• **WORK INSTRUCTION**: The material below contains a line with "assert (Hsl : forall" and a line with "weight of sN from 1/r down to 1/k. *)". Copy exactly those two lines and all lines between them.

───── SUPPLIED DATA ─────

Lemma lift_point_last x sl t : lift_point x sl t (n + S m) = t.
Proof.
unfold lift_point.
destruct (Nat.ltb_spec (n + S m) n); [lia|].
destruct (Nat.ltb_spec (n + S m) (n + m + 1)); [lia|].
destruct (Nat.eqb_spec (n + S m) (n + m + 1)); [reflexivity|lia].
Qed.

Lemma lift_point_y x sl t : fg_y (lift_point x sl t) = 1.
Proof.
unfold fg_y, lift_point.
destruct (Nat.ltb_spec (n + m + 2) n); [lia|].
destruct (Nat.ltb_spec (n + m + 2) (n + m + 1)); [lia|].
destruct (Nat.eqb_spec (n + m + 2) (n + m + 1)); [lia|reflexivity].
Qed.

Hypothesis S_ball : forall x, inS m g x -> sumR n (fun i => x i ^ 2) <= Rb.
Hypothesis g_bound : forall i, (1 <= i <= m)%nat -> forall x, inS m g x -> peval (g i) x <= eta i.
Hypothesis p_bound : forall x, inS m g x -> - peval p x <= beta.

(* Lift x to y = 1, square roots of the slacks gamma - p(x), g_i(x), and a last
   coordinate absorbing the gap in the ball constraint; the bounds R, eta, beta
   make that gap nonnegative. *)
Lemma f_gamma_zero_point x : inS m g x -> peval p x < gamma ->
  exists z, fg_y z = 1 /\ f_gamma n m d p g Rb eta beta gamma z = 0.
Proof.
intros Hx Hpx.
set (slack j := match j with O => gamma - peval p x | S _ => peval (g j) x end).
assert (Hslack : forall j, (j < m + 1)%nat -> 0 <= slack j).
{ intros [|j] Hj; simpl; [lra|apply Hx; lia]. }
set (A := sumR n (fun i => x i ^ 2) + sumR (m + 1) slack).
assert (HA : 0 <= A <= fg_radius).
{ unfold A, fg_radius. replace (m + 1)%nat with (S m) by lia. rewrite sumR_Sl. unfold slack.
  pose proof (sumR_sq_nonneg n x). pose proof (S_ball x Hx). pose proof (p_bound x Hx).
  pose proof (sumR_nonneg m (fun i => peval (g (S i)) x) (fun i Hi => Hx (S i) ltac:(lia))).
  assert (sumR m (fun i => peval (g (S i)) x) <= sumR m (fun i => eta (S i)))
    by (apply sumR_le; intros i Hi; apply g_bound; [lia|assumption]).
  lra. }
assert (Hgap : 0 <= fg_radius ^ d - A ^ d) by (pose proof (pow_incr A fg_radius d HA); lra).
destruct (nth_root_exists (2 * d) _ ltac:(lia) Hgap) as [t Ht].
set (z := lift_point x (fun j => sqrt (slack j)) t).
assert (Hzx : peval p z = peval p x /\ forall i, (i < m)%nat -> peval (g (S i)) z = peval (g (S i)) x).
{ split; [|intros i Hi]; apply (peval_ext _ n); try (apply g_vars; lia);
    try assumption; intros; apply lift_point_x; assumption. }
assert (Hsl : forall j, (j < m + 1)%nat -> z (n + j)%nat ^ 2 = slack j).
{ intros j Hj. unfold z. rewrite lift_point_slack, pow2_sqrt by auto. reflexivity. }
assert (Hy : fg_y z = 1) by apply lift_point_y.
assert (Hlast : z (n + S m)%nat = t) by apply lift_point_last.
assert (Hnorm : fg_norm2 z = A).
{ unfold fg_norm2, A. rewrite (sumR_ext (m + 1) _ slack) by exact Hsl.
  f_equal. apply sumR_ext. intros. unfold z. rewrite lift_point_x; auto. }
exists z. split; [exact Hy|].
rewrite f_gamma_split, (sumR_ext m _ (fun _ => 0)), sumR_const0.
- unfold fg_obj, fg_ball.
  rewrite Hy, homog_1, (proj1 Hzx), (Hsl 0%nat), Hnorm, Hlast, Ht, !pow1 by lia.
  simpl. ring.
- intros i Hi. unfold fg_con.
  rewrite Hy, homog_1, (proj2 Hzx), (Hsl (S i)), !pow1 by lia.
  simpl. ring.
Qed.

End FGamma.

Section ConeFamily.
Variables (K : nat -> ((nat -> R) -> R) -> Prop) (sN : (nat -> R) -> R).
Hypothesis K_succ : forall r q, K r q -> K (S r) q.
Hypothesis K_add_s : forall r q, K r q -> forall eps, 0 <= eps <= 1 ->
  K r (fun z => q z + eps * sN z).

Lemma K_mono r k q : (r <= k)%nat -> K r q -> K k q.
Proof. intros Hrk Hq. induction Hrk; auto. Qed.

(* 1/k = 1/r - (1/r - 1/k) with 0 <= 1/r - 1/k <= 1, so property (d) moves the
   weight of sN from 1/r down to 1/k. *)
Lemma K_reweight F r r' k : (1 <= r)%nat -> (r <= k)%nat -> (r' <= k)%nat ->
  K r' (fun z => F z - / INR r * sN z) -> K k (fun z => F z - / INR k * sN z).
Proof.
intros Hr Hrk Hr'k HK.
assert (H1 : 1 <= INR r) by (apply (le_INR 1); assumption).
assert (H2 : INR r <= INR k) by (apply le_INR; assumption).
assert (Hinv : / INR k <= / INR r) by (apply Rinv_le_contravar; lra).
assert (Hinv1 : / INR r <= 1) by (rewrite <- Rinv_1; apply Rinv_le_contravar; lra).
assert (0 < / INR k) by (apply Rinv_0_lt_compat; lra).
replace (fun z => F z - / INR k * sN z)
  with (fun z => F z - / INR r * sN z + (/ INR r - / INR k) * sN z)
  by (apply functional_extensionality; intros; ring).
apply (K_mono r'); [assumption|].
apply K_add_s; [assumption|lra].
Qed.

─────

• **ANSWER TO THIS TASK**:
assert (Hsl : forall j, (j < m + 1)%nat -> z (n + j)%nat ^ 2 = slack j).
{ intros j Hj. unfold z. rewrite lift_point_slack, pow2_sqrt by auto. reflexivity. }
assert (Hy : fg_y z = 1) by apply lift_point_y.
assert (Hlast : z (n + S m)%nat = t) by apply lift_point_last.
assert (Hnorm : fg_norm2 z = A).
{ unfold fg_norm2, A. rewrite (sumR_ext (m + 1) _ slack) by exact Hsl.
  f_equal. apply sumR_ext. intros. unfold z. rewrite lift_point_x; auto. }
exists z. split; [exact Hy|].
rewrite f_gamma_split, (sumR_ext m _ (fun _ => 0)), sumR_const0.
- unfold fg_obj, fg_ball.
  rewrite Hy, homog_1, (proj1 Hzx), (Hsl 0%nat), Hnorm, Hlast, Ht, !pow1 by lia.
  simpl. ring.
- intros i Hi. unfold fg_con.
  rewrite Hy, homog_1, (proj2 Hzx), (Hsl (S i)), !pow1 by lia.
  simpl. ring.
Qed.

End FGamma.

Section ConeFamily.
Variables (K : nat -> ((nat -> R) -> R) -> Prop) (sN : (nat -> R) -> R).
Hypothesis K_succ : forall r q, K r q -> K (S r) q.
Hypothesis K_add_s : forall r q, K r q -> forall eps, 0 <= eps <= 1 ->
  K r (fun z => q z + eps * sN z).

Lemma K_mono r k q : (r <= k)%nat -> K r q -> K k q.
Proof. intros Hrk Hq. induction Hrk; auto. Qed.

(* 1/k = 1/r - (1/r - 1/k) with 0 <= 1/r - 1/k <= 1, so property (d) moves the
   weight of sN from 1/r down to 1/k. *)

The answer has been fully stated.